Whitworth agrees. The team never recovered from losing that one in Denver or the next week in the finale when it missed a last-second field goal before losing in overtime to Pittsburgh, and it carried over to the '07 hangover of 7-9.

"Any time you think you're good and you're not mature enough when you get your teeth kicked in … I don't think that team (handled it)," Whitworth said. "We got mad, but we didn't know how to make it go our way and we couldn't."

It's not lost on Whitworth that the game he and his teammates played last Sunday in Cleveland was just the opposite of that Denver game in '06. There wasn't a motion penalty that wiped out a touchdown, a fourth-quarter fumble inside the 40 on what would have been the winning drive, or an end-zone interception early in the game.

Instead, the young Bengals didn't commit a turnover and only had three penalties in a building that may not be as hostile as Mile High but can be plenty loud, too.

Whitworth thinks that reflects the kind of guys they have, too.

"Let's be real," Whitworth said. "It was a zoo at times in this place."

But on Wednesday he talked about how these Bengals are taming those old ways.

"Really what we are trying to do is be a football team that is going to execute, not make mistakes, play physical, nasty fast-style football; that's really going to be our style this year," he said. "We want to make as little mistakes as possible and make people pay every time they get in our way. That's the way we want to go about it this year and that's what we are trying to get all these guys to understand the style of this team is going to be.

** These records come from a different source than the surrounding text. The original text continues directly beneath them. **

(* For every $n\in\mathbb{N}$ and every $l\in\{0,\ldots,n\}$ the polynomials $A_n^l$ defined in the context factorize as $$A_{n}^{l}=\frac{n!\,l!}{2^{2(n-l)}(n+l+1)!\,(2l)!}\left[\sum_{h=0}^{n-l}\frac{(2n-2h+1)!\,(2l+2h)!}{h!\,(n-l-h)!\,(n-h)!\,(l+h)!}\,\overline{\mathbf{x}}^{\,h}\mathbf{x}^{\,n-l-h}\right]A_{l}^{l},$$ with $A_{l}^{l}=(x_{1}-x_{2}\mathbf{e}_{3})^{l}$.
   Context: $\mathbb{H}$: real quaternions with basis $\mathbf{e}_0=1,\mathbf{e}_1,\mathbf{e}_2,\mathbf{e}_3$, $\mathbf{e}_i\mathbf{e}_j+\mathbf{e}_j\mathbf{e}_i=-2\delta_{ij}$ ($i,j=1,2,3$), $\mathbf{e}_1\mathbf{e}_2=\mathbf{e}_3$. A point $(x_0,x_1,x_2)\in\mathbb{R}^3$ is identified with $\mathbf{x}=x_0+x_1\mathbf{e}_1+x_2\mathbf{e}_2$, and $\overline{\mathbf{x}}=x_0-x_1\mathbf{e}_1-x_2\mathbf{e}_2$ (note $\mathbf{x}$ and $\overline{\mathbf{x}}$ commute). Spherical coordinates: $x_0=r\cos\theta$, $x_1=r\sin\theta\cos\varphi$, $x_2=r\sin\theta\sin\varphi$. Let $P_k$ be the Legendre polynomials and $P_k^m(t)=(1-t^2)^{m/2}\frac{d^m}{dt^m}P_k(t)$ (no Condon–Shortley phase; $P_k^m=0$ for $m>k$). For $n\in\mathbb{N}_0$, $0\le m\le n+1$ put $$\mathcal{A}^{m,n}(\theta)=\tfrac12\Big(\sin^2\theta\,\tfrac{d}{dt}[P_{n+1}^m(t)]_{t=\cos\theta}+(n+1)\cos\theta\,P_{n+1}^m(\cos\theta)\Big).$$ For $n\in\mathbb{N}_0$, $l=0,\ldots,n$ define $$A_n^l(\mathbf{x})=\frac{2^{l+1}n!\,r^n}{(n+l+2)!}\Big[(n+l+2)\mathcal{A}^{l,n}(\theta)\big(\cos l\varphi-\sin l\varphi\,\mathbf{e}_3\big)+\mathcal{A}^{l+1,n}(\theta)\big(\cos((l+1)\varphi)\,\mathbf{e}_1+\sin((l+1)\varphi)\,\mathbf{e}_2\big)\Big],$$ a homogeneous polynomial of degree $n$ in $x_0,x_1,x_2$. *)

From HB Require Import structures.
From mathcomp Require Import all_boot all_order all_algebra.
From mathcomp Require Import all_classical all_reals all_analysis.
Set Implicit Arguments. Unset Strict Implicit. Unset Printing Implicit Defensive.
Import Order.TTheory GRing.Theory Num.Theory.
Local Open Scope ring_scope.

Section Defs.
Variable R : realType.

(* Real quaternions a + b e1 + c e2 + d e3, with e_i^2 = -1, e1 e2 = e3,
   e2 e3 = e1, e3 e1 = e2 (consequence of anticommutation and e1 e2 = e3). *)
Record quat := Quat { q0 : R; q1 : R; q2 : R; q3 : R }.

Definition qadd (p q : quat) : quat :=
  Quat (q0 p + q0 q) (q1 p + q1 q) (q2 p + q2 q) (q3 p + q3 q).
Definition qscale (a : R) (q : quat) : quat :=
  Quat (a * q0 q) (a * q1 q) (a * q2 q) (a * q3 q).
Definition qmul (p q : quat) : quat :=
  Quat (q0 p * q0 q - q1 p * q1 q - q2 p * q2 q - q3 p * q3 q)
       (q0 p * q1 q + q1 p * q0 q + q2 p * q3 q - q3 p * q2 q)
       (q0 p * q2 q - q1 p * q3 q + q2 p * q0 q + q3 p * q1 q)
       (q0 p * q3 q + q1 p * q2 q - q2 p * q1 q + q3 p * q0 q).
Definition qzero : quat := Quat 0 0 0 0.
Definition qone : quat := Quat 1 0 0 0.
Definition qpow (q : quat) (k : nat) : quat := iter k (qmul q) qone.
Fixpoint qsum (F : nat -> quat) (N : nat) : quat :=
  match N with 0 => qzero | N'.+1 => qadd (qsum F N') (F N') end.

Definition xq (x0 x1 x2 : R) : quat := Quat x0 x1 x2 0.
Definition xbarq (x0 x1 x2 : R) : quat := Quat x0 (- x1) (- x2) 0.

Definition Legendre (k : nat) : {poly R} :=
  (2 ^+ k * (k`!)%:R)^-1 *: (('X ^+ 2 - 1) ^+ k)^`(k).

(* associated Legendre function without Condon-Shortley phase:
   P_k^m(t) = (1 - t^2)^(m/2) d^m/dt^m P_k(t)  (for |t| <= 1) *)
Definition assocLegendre (k m : nat) (t : R) : R :=
  Num.sqrt (1 - t ^+ 2) ^+ m * ((Legendre k)^`(m)).[t].

Definition calA (m n : nat) (theta : R) : R :=
  2^-1 * (sin theta ^+ 2 * (derive1 (assocLegendre n.+1 m)) (cos theta)
          + (n.+1)%:R * cos theta * assocLegendre n.+1 m (cos theta)).

Definition A_nl (n l : nat) (r theta phi : R) : quat :=
  qscale (2 ^+ l.+1 * (n`!)%:R * r ^+ n / ((n + l + 2)`!)%:R)
    (qadd
      (qscale ((n + l + 2)%:R * calA l n theta)
              (Quat (cos (l%:R * phi)) 0 0 (- sin (l%:R * phi))))
      (qscale (calA l.+1 n theta)
              (Quat 0 (cos (l.+1%:R * phi)) (sin (l.+1%:R * phi)) 0))).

"We realized now that we are a physical football team if we can go out and execute the way we want to execute and just be able to play fast and physical and not have any penalties and such we can be a really good football team. I think these young guys have fallen right in line."

Now the Bengals are hoping the new roster can get a different result in the place it all went awry.

"I like what's going on here," said Geathers, not sounding old at all.